The Story Behind the Image: Aspens Forever

I apologize for the lack of content lately, but a great deal of recent travel (and other unrelated events) has made it difficult for me to produce new posts. That will change in the very near future as, beginning this week, I now have the opportunity to process a trove of imagery that has been made over the past couple of months. In the meantime, I hope another “Story Behind the Image” will help bridge the gap.

When I was in Colorado several autumns ago, I spent a great deal of time poking around aspen groves and forests. This is partly due to the fact that aspens are incredibly striking in the autumn and partly because I’m fascinated by birches and aspens, due to their unique black and white trunks. One day while I was in the San Juan Mountains, I meandered over Coal Bank Pass near the end of the day. I visited several overlooks, which encouraged me to view the scenes unfolding (mostly) below me with both relatively wide angle and telephoto focal lengths.
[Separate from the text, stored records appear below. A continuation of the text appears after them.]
(* Let $\boldsymbol\Theta^*\in\mathbb R^{n\times r}$ (rows $\boldsymbol\theta_i^{*T}$) and $\mathbf A^*\in\mathbb R^{p\times r}$ (rows $\mathbf a_j^{*T}$) with $\mathbf M^*=\boldsymbol\Theta^*(\mathbf A^* )^T$, let $\mathbf A\in\mathbb R^{p\times r}$ (rows $\mathbf a_j^T$), fix $i\in[n]$, and suppose $\|\boldsymbol\Theta^*\|_{2\to\infty}\le C_1$, $\|\mathbf A^*\|_{2\to\infty}\le C_2$, $\|\mathbf A\|_{2\to\infty}\le C_2$ and $\sigma_r(\mathcal I_{1,i}(\mathbf A))>0$. If there exists $\xi>0$ such that $$2\sigma_r^{-1}(\mathcal I_{1,i}(\mathbf A))\big\{\|\mathbf Z_{i\cdot}\mathrm{diag}(\boldsymbol\Omega_{i\cdot})\mathbf A\|+\|\mathbf B_{1,i}(\mathbf A)\|+\beta_{1,i}(\mathbf A)\kappa_3(C_2(C_1+\xi))\big\}\le\xi\le\frac{\sigma_r(\mathcal I_{1,i}(\mathbf A))}{2\gamma_{1,i}(\mathbf A)\kappa_3(C_2(C_1+\xi))}$$ (the right-hand side read as $+\infty$ if its denominator is $0$), then there exists $\tilde{\boldsymbol\theta}_i\in\mathbb R^r$ with $\|\tilde{\boldsymbol\theta}_i-\boldsymbol\theta_i^*\|\le\xi$ and $S_{1,i}(\tilde{\boldsymbol\theta}_i;\mathbf A)=\mathbf 0$.
   Context: Deterministic setting: $\phi>0$; $b:\mathbb R\to\mathbb R$ is three times continuously differentiable with $b''>0$; $y_{ij}\in\mathbb R$ and $\omega_{ij}\in\{0,1\}$ are fixed numbers; $z_{ij}=y_{ij}-b'(m^*_{ij})$, $\mathbf Z_{i\cdot}=(z_{i1},\dots,z_{ip})\in\mathbb R^{1\times p}$, $\mathrm{diag}(\boldsymbol\Omega_{i\cdot})=\mathrm{diag}(\omega_{i1},\dots,\omega_{ip})$. $\kappa_3(\alpha)=\sup_{|x|\le\alpha}|b'''(x)|$. Definitions: $S_{1,i}(\boldsymbol\theta;\mathbf A)=\phi^{-1}\sum_{j=1}^p\omega_{ij}\{y_{ij}-b'(\mathbf a_j^T\boldsymbol\theta)\}\mathbf a_j$; $\mathbf B_{1,i}(\mathbf A)=\sum_{j=1}^p\omega_{ij}b''(m^*_{ij})\mathbf a_j(\mathbf a_j-\mathbf a_j^* )^T\boldsymbol\theta_i^*$; $\mathcal I_{1,i}(\mathbf A)=\sum_{j=1}^p\omega_{ij}b''(m^*_{ij})\mathbf a_j\mathbf a_j^T$; $\beta_{1,i}(\mathbf A)=\sup_{\|\mathbf u\|=1}\sum_j\omega_{ij}((\mathbf a_j-\mathbf a_j^* )^T\boldsymbol\theta_i^* )^2|\mathbf a_j^T\mathbf u|$; $\gamma_{1,i}(\mathbf A)=\sup_{\|\mathbf u\|=1}\sum_j\omega_{ij}|\mathbf a_j^T\mathbf u|^3$. $\sigma_r(\cdot)$ denotes the $r$-th largest singular value; $\|X\|_{2\to\infty}$ the maximal row Euclidean norm. *)

From HB Require Import structures.
From mathcomp Require Import all_boot all_order all_algebra.
From mathcomp Require Import all_classical all_reals all_analysis.
Set Implicit Arguments. Unset Strict Implicit. Unset Printing Implicit Defensive.
Import Order.TTheory GRing.Theory Num.Theory.
Local Open Scope ring_scope.
Local Open Scope classical_set_scope.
As I’ve mentioned before on this blog, I tend to go with longer lenses when I photograph from overlooks; the exception is when there’s something of foreground interest that captures my attention, but that is decidedly not the rule. And that pattern held while I was at the Coal Bank overlooks.

The way I typically handle long lens situations from an overlook is to scan the scene with the naked eye and, when I spot a detail that appears interesting, I pull out the camera with the telephoto lens attached and have a closer look, to see if what I initially noticed holds up to tighter scrutiny. Typically what I’m seeing is some sort of pattern, a set of converging lines, or some other form of graphic interest.
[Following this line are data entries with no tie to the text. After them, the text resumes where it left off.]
(* [pcoef j t] is the coefficient of z^t in p_j and, for j <= T, [pcoef_below j T i]
   that of z^(T-i); [struct_const j k l] is C^l_{jk}. *)
Definition pcoef (j : nat) (t : int) : R :=
  (t == j%:Z)%:R + (if t is Negz m then Hc F j m.+1 y else 0).

Definition pcoef_below (j T i : nat) : R := (i == T - j)%N%:R + Hc F j (i - T) y.

Definition struct_const (j k l : nat) : R :=
  (l == j + k)%N%:R + Hc F k (j - l) y + Hc F j (k - l) y.

Lemma lco_ser a t : lco (ser F y a) t = \sum_(j < size a) a`_j * pcoef j t.
Proof.
case: t => m /=.
  rewrite (eq_bigr (fun j : 'I_(size a) => a`_j * (j == m :> nat)%:R)) => [|j _].
    by rewrite sum_mul_eqn; case: ltnP => // le_am; rewrite nth_default.
  by rewrite /pcoef addr0 eqz_nat eq_sym.
rewrite (eq_bigr (fun j : 'I_(size a) => a`_j * Hc F j m.+1 y)) => [|j _].
  by rewrite (@sum_ord_from1 _ _ (fun j => a`_j * Hc F j m.+1 y)) // Hc_upper0 mulr0.
by rewrite /pcoef add0r.
Qed.

Lemma pcoef_sub j T i : (j <= T)%N -> pcoef j (T%:Z - i%:Z) = pcoef_below j T i.
Proof.
move=> le_jT; rewrite /pcoef /pcoef_below.
case E: (T%:Z - i%:Z) => [m|m].
  rewrite (_ : i - T = 0)%N ?Hc_lower0 ?addr0; last by lia.
  by congr (_%:R); apply/eqP; case: eqP; case: eqP => //; lia.
move: E; rewrite NegzE => E.
rewrite (_ : (Negz m == j%:Z) = false) //= add0r.
rewrite (_ : (i == T - j)%N = false) ?add0r; last by apply/eqP; lia.
by congr (Hc F j _ y); lia.
Qed.

Lemma lco_ser_below a T i : (size a <= T.+1)%N ->
  lco (ser F y a) (T%:Z - i%:Z) = \sum_(j < size a) a`_j * pcoef_below j T i.
Proof.
move=> le_aT; rewrite lco_ser; apply: eq_bigr => j _.
by rewrite pcoef_sub //; have := ltn_ord j; lia.
Qed.

End StructureConstants.

Section BasisProduct.
Variables (R : realType) (F : xvar R -> R) (y : xvar R).
Local Notation H i m := (Hc F i m y).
Since a telephoto lens, by its very nature, is going to compress the scene, the considerations as to what will make for a compelling subject are typically completely different than those that represent potential wide angle photo opportunities. While depth–broadly speaking, bringing a three-dimensional feel to a two-dimensional medium–is ordinarily a prime concern when working with a wide angle lens, it’s not usually a principal consideration when working with telephoto focal lengths, though there are certainly exceptions to both sets of rules…or guidelines, if you prefer.

On this occasion, at Coal Bank Pass, what caught my attention was a seemingly endless stand of aspens on an adjacent slope. This was hardly the first time on the trip that I had seen an apparently infinite “sea” of aspens, but what made this occurrence different was my perspective relative to the stand. Because of the height of my perch relative to the subject, the trunks of many of the aspen strata were plainly visible, rather than just the nearest stand. Instead of an endless expanse of aspen crowns, the lines that made up the various sets gave the scene a very different look and feel.
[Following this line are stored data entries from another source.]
(* Let $m\geq 5$ be a square-free integer with $m\equiv 1\pmod 4$, and let $K=\mathbb{Q}(\sqrt m)$. Then: if $\lfloor\sqrt m\rfloor$ is an even integer greater than $2$, then $U_K=\{1\}\subset\mathcal{F}_K=\{1,\ \tfrac{-3+\lfloor\sqrt m\rfloor+\sqrt m}{2},\ 1+\min T_K\}$ with $\tfrac{-3+\lfloor\sqrt m\rfloor+\sqrt m}{2}=\min T_K$; if $m=5$, then $U_K=\mathcal{F}_K=\{\tfrac{-1+\sqrt5}{2}=2\cos(2\pi/5),\ 1,\ \tfrac{1+\sqrt5}{2}=2\cos(2\pi/10)\}$; if $\lfloor\sqrt m\rfloor$ is odd, then $U_K=\{1\}\subset\mathcal{F}_K=\{1,\ \tfrac{-2+\lfloor\sqrt m\rfloor+\sqrt m}{2},\ 1+\min T_K\}$ with $\tfrac{-2+\lfloor\sqrt m\rfloor+\sqrt m}{2}=\min T_K$.
   Context: For a real number field $K$, $\wp_K$ is the set of Pisot numbers $\theta\in K$ (real algebraic integers $>1$ whose other conjugates have modulus $<1$) with $\mathbb{Q}(\theta)=K$, enumerated $\theta_1<\theta_2<\cdots$; $\mathcal{F}_K:=\{\theta_{n+1}-\theta_n\mid n\in\mathbb{N}\}$. $U_K$ is the set of root of unity trace numbers in $K$, i.e. positive algebraic integers of the form $2\cos(2k\pi/n)$ with $n\geq4$, $1\leq k\leq n-1$, $\gcd(k,n)=1$, lying in $K$. $T_K$ is the set of algebraic integers $\beta\in K$ with $\beta>2$ whose conjugate $\beta'$ (image under the nontrivial embedding of $K$) lies in $(-2,2)$, $\beta'\neq0$. *)

From HB Require Import structures.
From mathcomp Require Import all_boot all_order all_algebra.
From mathcomp Require Import all_classical all_reals all_analysis.
Set Implicit Arguments. Unset Strict Implicit. Unset Printing Implicit Defensive.
Import Order.TTheory GRing.Theory Num.Theory.
Local Open Scope classical_set_scope.
Local Open Scope ring_scope.

Section Defs.
Variable R : realType.

Definition squarefree_nat (m : nat) : Prop :=
  forall d : nat, (d * d %| m)%N -> d = 1%N.

Definition alg_int (x : R) : Prop :=
  exists p : {poly int}, p \is monic /\ root (map_poly (intr : int -> R) p) x.

Definition sqm (m : nat) : R := Num.sqrt (m%:R).

Definition inK (m : nat) (x : R) : Prop :=
  exists a b : rat, x = ratr a + ratr b * sqm m.

(* Pisot numbers theta of K with Q(theta) = K.  theta = a + b sqrt m with b <> 0
   (i.e. theta irrational, so Q(theta) = K), and its only other conjugate is
   a - b sqrt m (image under the nontrivial embedding). *)
Definition pisotK (m : nat) : set R :=
  [set t | alg_int t /\ 1 < t /\
     exists a b : rat, b != 0 /\ t = ratr a + ratr b * sqm m /\
       `|ratr a - ratr b * sqm m| < 1].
I pulled out the telephoto lens and, after zooming to 140 mm, I found the patterned look that I felt best represented what had attracted my eye to the scene in the first place.

Voila. Aspens forever.

Aspens Forever, Coal Bank Pass, San Juan National Forest, Colorado

Responses

  1. Great tip and photo, Kerry.

  2. The vertical lines of the trunks crossed by the yellow lines of the tree tops make for an interesting pattern.